La Blockchain Pourrait Aider À Réduire Les Risques De Guerre Nucléaire: Rapport

La technologie blockchain pourrait à terme réduire les risques de guerres nucléaires en établissant la confiance entre les pays, selon un récent rapport.

La branche de recherche du King’s College de Londres, le Centre for Science and Security Studies (CSSS), a publié un rapport affirmant que la technologie blockchain peut renforcer la confiance entre les pays qui luttent pour démanteler les ogives nucléaires, réduisant ainsi les risques de guerres potentielles.

Blockchain pour aider au démantèlement des ogives nucléaires?

Depuis leur apparition pendant la Seconde Guerre mondiale, les armes nucléaires constituent une menace mondiale pour l’espèce humaine. Les Nations Unies les ont classées comme «les armes les plus dangereuses au monde».

Bien que plusieurs organisations mondiales s’emploient à les éliminer, le Washington Post a récemment affirmé que la menace d’une guerre nucléaire n’avait augmenté qu’au cours des quatre dernières années – depuis l’entrée en fonction du président américain Donald Trump.

Le Dr Lyndon Burford, le principal chercheur du CSSS, a déclaré que les pays «sont confrontés au défi politique critique de la réduction des risques nucléaires, et que des mesures coopératives de désarmement et de maîtrise des armements peuvent contribuer à cette tâche. Cependant, il estime que les gouvernements ne se font pas suffisamment confiance en raison de préoccupations stratégiques et juridiques pour ne pas révéler d’informations sensibles.
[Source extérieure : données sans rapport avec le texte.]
Definition Qk (k : nat) (p : pt -> R) : Prop :=
  exists c : {ffun 'I_d -> 'I_k.+1} -> R,
    forall x, p x = \sum_(a : {ffun 'I_d -> 'I_k.+1})
                      c a * \prod_(i < d) coord x i ^+ a i.

(* discrete functions: one local polynomial per cell; u K is the
   polynomial u|_K (extended polynomially to R^d) *)
Definition dgfun := cell M -> pt -> R.
Definition in_Vh (k : nat) (u : dgfun) : Prop := forall K, Qk k (u K).

Definition partial (i : 'I_d) (f : pt -> R) (x : pt) : R := 'D_(evec i) f x.
Definition grad (f : pt -> R) (x : pt) : pt := \row_i partial i f x.

Fixpoint iint (l : seq 'I_d) (a b : 'I_d -> R) (f : pt -> R) (x : pt) : R :=
  match l with
  | [::] => f x
  | i :: l' => Rintegral lebesgue_measure `[a i, b i]
                 (fun t => iint l' a b f (setc x i t))
  end.

Definition int_box (a b : 'I_d -> R) (f : pt -> R) : R :=
  iint (enum 'I_d) a b f 0.
(* integral over the axis-aligned (d-1)-face {x_i = c} x prod_{j<>i}[a j, b j]
   w.r.t. the surface measure *)
Definition int_face (i : 'I_d) (c : R) (a b : 'I_d -> R) (f : pt -> R) : R :=
  iint [seq j <- enum 'I_d | j != i] a b f (setc 0 i c).

(* Interior faces: Kp and Km touch along the hyperplane x_i = hi Kp i = lo Km i
   and their facets overlap in a (d-1)-dimensional box. Then n^+ = e_i
   (outward from Kp), n^- = -e_i. *)
Definition is_iface (Kp Km : cell M) (i : 'I_d) : bool :=
  (hi Kp i == lo Km i) &&
  [forall j, (j != i) ==> (Num.max (lo Kp j) (lo Km j) < Num.min (hi Kp j) (hi Km j))].
Definition flo (Kp Km : cell M) (j : 'I_d) : R := Num.max (lo Kp j) (lo Km j).
Definition fhi (Kp Km : cell M) (j : 'I_d) : R := Num.min (hi Kp j) (hi Km j).

Definition ijump (u : dgfun) (Kp Km : cell M) (i : 'I_d) (x : pt) : pt :=
  u Kp x *: evec i + u Km x *: (- evec i).
Definition iavg (u : dgfun) (Kp Km : cell M) (x : pt) : pt :=
  2^-1 *: (grad (u Kp) x + grad (u Km) x).

(* boundary facets: facet of K with normal direction i, on the upper side if
   s = true; outward normal n; the boundary face is (facet) \cap bnd Omega *)
Definition bnormal (i : 'I_d) (s : bool) : pt := (if s then 1 else -1) *: evec i.
Definition blevel (K : cell M) (i : 'I_d) (s : bool) : R :=
  if s then hi K i else lo K i.

Definition a_h (gI : cell M -> cell M -> 'I_d -> R) (gB : cell M -> 'I_d -> bool -> R)
    (u v : dgfun) : R :=
  \sum_(K : cell M) int_box (lo K) (hi K) (fun x => dotp (grad (u K) x) (grad (v K) x))
  + \sum_(Kp : cell M) \sum_(Km : cell M) \sum_(i < d)
      (if is_iface Kp Km i then
         int_face i (hi Kp i) (flo Kp Km) (fhi Kp Km) (fun x =>
           gI Kp Km i * dotp (ijump u Kp Km i x) (ijump v Kp Km i x)
           - dotp (iavg u Kp Km x) (ijump v Kp Km i x)
           - dotp (ijump u Kp Km i x) (iavg v Kp Km x))
       else 0)
  + \sum_(K : cell M) \sum_(i < d) \sum_(s : bool)
      int_face i (blevel K i s) (lo K) (hi K) (fun x =>
        \1_(bnd Omega) x *
        (gB K i s * dotp (u K x *: bnormal i s) (v K x *: bnormal i s)
         - dotp (grad (u K) x) (v K x *: bnormal i s)
         - dotp (u K x *: bnormal i s) (grad (v K) x))).

Definition is_vertex_of (K : cell M) (z : pt) : Prop :=
  forall i, coord z i = lo K i \/ coord z i = hi K i.
Definition mesh_vertex (z : pt) : Prop := exists K, is_vertex_of K z.
(* cells of the patch of z (the cells K with K \subset P_j) *)
Definition in_patch (z : pt) (K : cell M) : Prop := is_vertex_of K z.
Definition patch_set (z : pt) : set pt :=
  [set x | exists K, in_patch z K /\ in_cell K x].

Definition in_Vj (k : nat) (z : pt) (v : dgfun) : Prop :=
  in_Vh k v /\
  (forall K, ~ in_patch z K -> forall x, in_cell K x -> v K x = 0) /\
  (forall K, in_patch z K -> forall x, in_cell K x -> bnd (patch_set z) x ->
     v K x = 0 /\
     (forall i, (coord x i = lo K i \/ coord x i = hi K i) ->
        partial i (v K) x = 0)).

End SIPG.

From Pilot Require Import Defs.
From HB Require Import structures.
From mathcomp Require Import all_boot all_order all_algebra.
From mathcomp Require Import all_classical all_reals all_analysis.
From mathcomp Require Import lra.
Import Order.TTheory GRing.Theory Num.Theory.
Import numFieldNormedType.Exports.
Local Open Scope classical_set_scope.
Local Open Scope ring_scope.
Lemma frechet_directional_inner (g : H -> H) (u : H) (L : H -> H) (z d : H) :
  frechet_deriv H g u L ->
  derivable_pt_lim (fun t => hinner z (g (hadd u (hscal t d)))) 0 (hinner z (L d)).
Proof.
  intros [[[_ Lscal] _] Hfr] eps Heps.
  set (N := hnorm z). set (D := hnorm d).
  assert (HN : 0 <= N) by apply hnorm_nonneg.
  assert (HD : 0 <= D) by apply hnorm_nonneg.
  set (eps' := eps / ((N + 1) * (D + 1))).
  assert (Heps' : eps' > 0) by (unfold eps'; apply Rdiv_lt_0_compat; nra).
  assert (Heps'_eq : eps' * ((N + 1) * (D + 1)) = eps) by (unfold eps'; field; lra).
  destruct (Hfr eps' Heps') as [delta [Hdelta Hrem]].
  assert (Hstep : 0 < delta / (D + 1)) by (apply Rdiv_lt_0_compat; lra).
  exists (mkposreal _ Hstep). intros h Hh0 Hh. simpl in Hh.
  rewrite Rplus_0_l, hadd_scal_zero.
  assert (Habs : 0 < Rabs h) by (apply Rabs_pos_lt; auto).
  assert (Hsmall : Rabs h * D < delta).
  { apply (Rmult_lt_compat_r (D + 1)) in Hh; [|lra].
    unfold Rdiv in Hh. rewrite Rmult_assoc, Rinv_l in Hh; nra. }
  specialize (Hrem (hscal h d)). rewrite hnorm_scal in Hrem. fold D in Hrem.
  specialize (Hrem Hsmall).
  set (rem := hsub (hsub (g (hadd u (hscal h d))) (g u)) (L (hscal h d))) in Hrem.
  assert (Hquot : (hinner z (g (hadd u (hscal h d))) - hinner z (g u)) / h - hinner z (L d)
                  = hinner z rem / h).
  { unfold rem. rewrite !hinner_sub_r, Lscal, hinner_scal_r. field; auto. }
  rewrite Hquot. unfold Rdiv. rewrite Rabs_mult, Rabs_inv.
  pose proof (cauchy_schwarz z rem) as Hcs. fold N in Hcs.
  assert (Hrem_pos : 0 <= hnorm rem) by apply hnorm_nonneg.
  assert (Hbound : Rabs (hinner z rem) < eps * Rabs h).
  { assert (N * hnorm rem <= N * (eps' * (Rabs h * D))) by (apply Rmult_le_compat_l; auto).
    assert (N * D < (N + 1) * (D + 1)) by nra.
    nra. }
  apply (Rmult_lt_reg_r (Rabs h)); auto.
  rewrite Rmult_assoc, Rinv_l by lra. lra.
Qed.

Lemma frechet_directional_self_inner (g : H -> H) (u : H) (L : H -> H) (d : H) :
  frechet_deriv H g u L ->
  derivable_pt_lim (fun t => hinner (hadd u (hscal t d)) (g (hadd u (hscal t d)))) 0
    (hinner u (L d) + hinner d (g u)).
Proof.
  intros Hfr.
  apply (derivable_pt_lim_ext
           (fun t => hinner u (g (hadd u (hscal t d)))
                     + t * hinner d (g (hadd u (hscal t d))))).
  { intros t. rewrite hinner_add_l, hinner_scal_l; reflexivity. }
  replace (hinner u (L d) + hinner d (g u))
    with (hinner u (L d) + (1 * hinner d (g (hadd u (hscal 0 d))) + 0 * hinner d (L d)))
    by (rewrite hadd_scal_zero; ring).
  apply derivable_pt_lim_plus; [apply frechet_directional_inner; exact Hfr|].
  apply (derivable_pt_lim_mult (fun t => t)); [apply derivable_pt_lim_id|].
  apply frechet_directional_inner; exact Hfr.
Qed.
Par conséquent, le Dr Burford a choisi la technologie blockchain comme une solution possible. Le document indique que s’il est mis en œuvre, le DLT peut aider à vérifier le démantèlement des ogives nucléaires de manière «sûre, sécurisée et fiable». Cela renforcerait la confiance entre les pays signataires du Traité sur la non-prolifération des armes nucléaires en «faisant progresser la coopération en matière de désarmement nucléaire et de vérification de la maîtrise des armements».

Comment la blockchain pourrait-elle aider?

Le rapport a souligné que la blockchain permettrait aux participants autorisés de «gérer collectivement les données chiffrées sans autorité centrale». Cela rendra «pratiquement impossible» la falsification secrète des données stockées sur les réseaux. En tant que tel, DLT créera une «base technique pour la coopération entre les parties non confiantes, menant à son surnom de« machine de confiance ».»

En outre, le document a fait ressortir plusieurs autres avantages possibles de la blockchain. Il s’agit notamment de créer un «enregistrement immuable et chiffré de la chaîne de possession des articles soumis à des traités» et d’agir comme une mesure de confiance internationale en permettant à des tiers de vérifier les données sur le désarmement sans pouvoir les voir.

Une plate-forme alimentée par la blockchain pourrait également fournir une couche de base sécurisée pour un «Internet des objets privé composé de capteurs de localisation et de moniteurs environnementaux». Cela permettrait une surveillance en temps réel sur des sites distants et alerterait automatiquement les participants des violations potentielles du traité.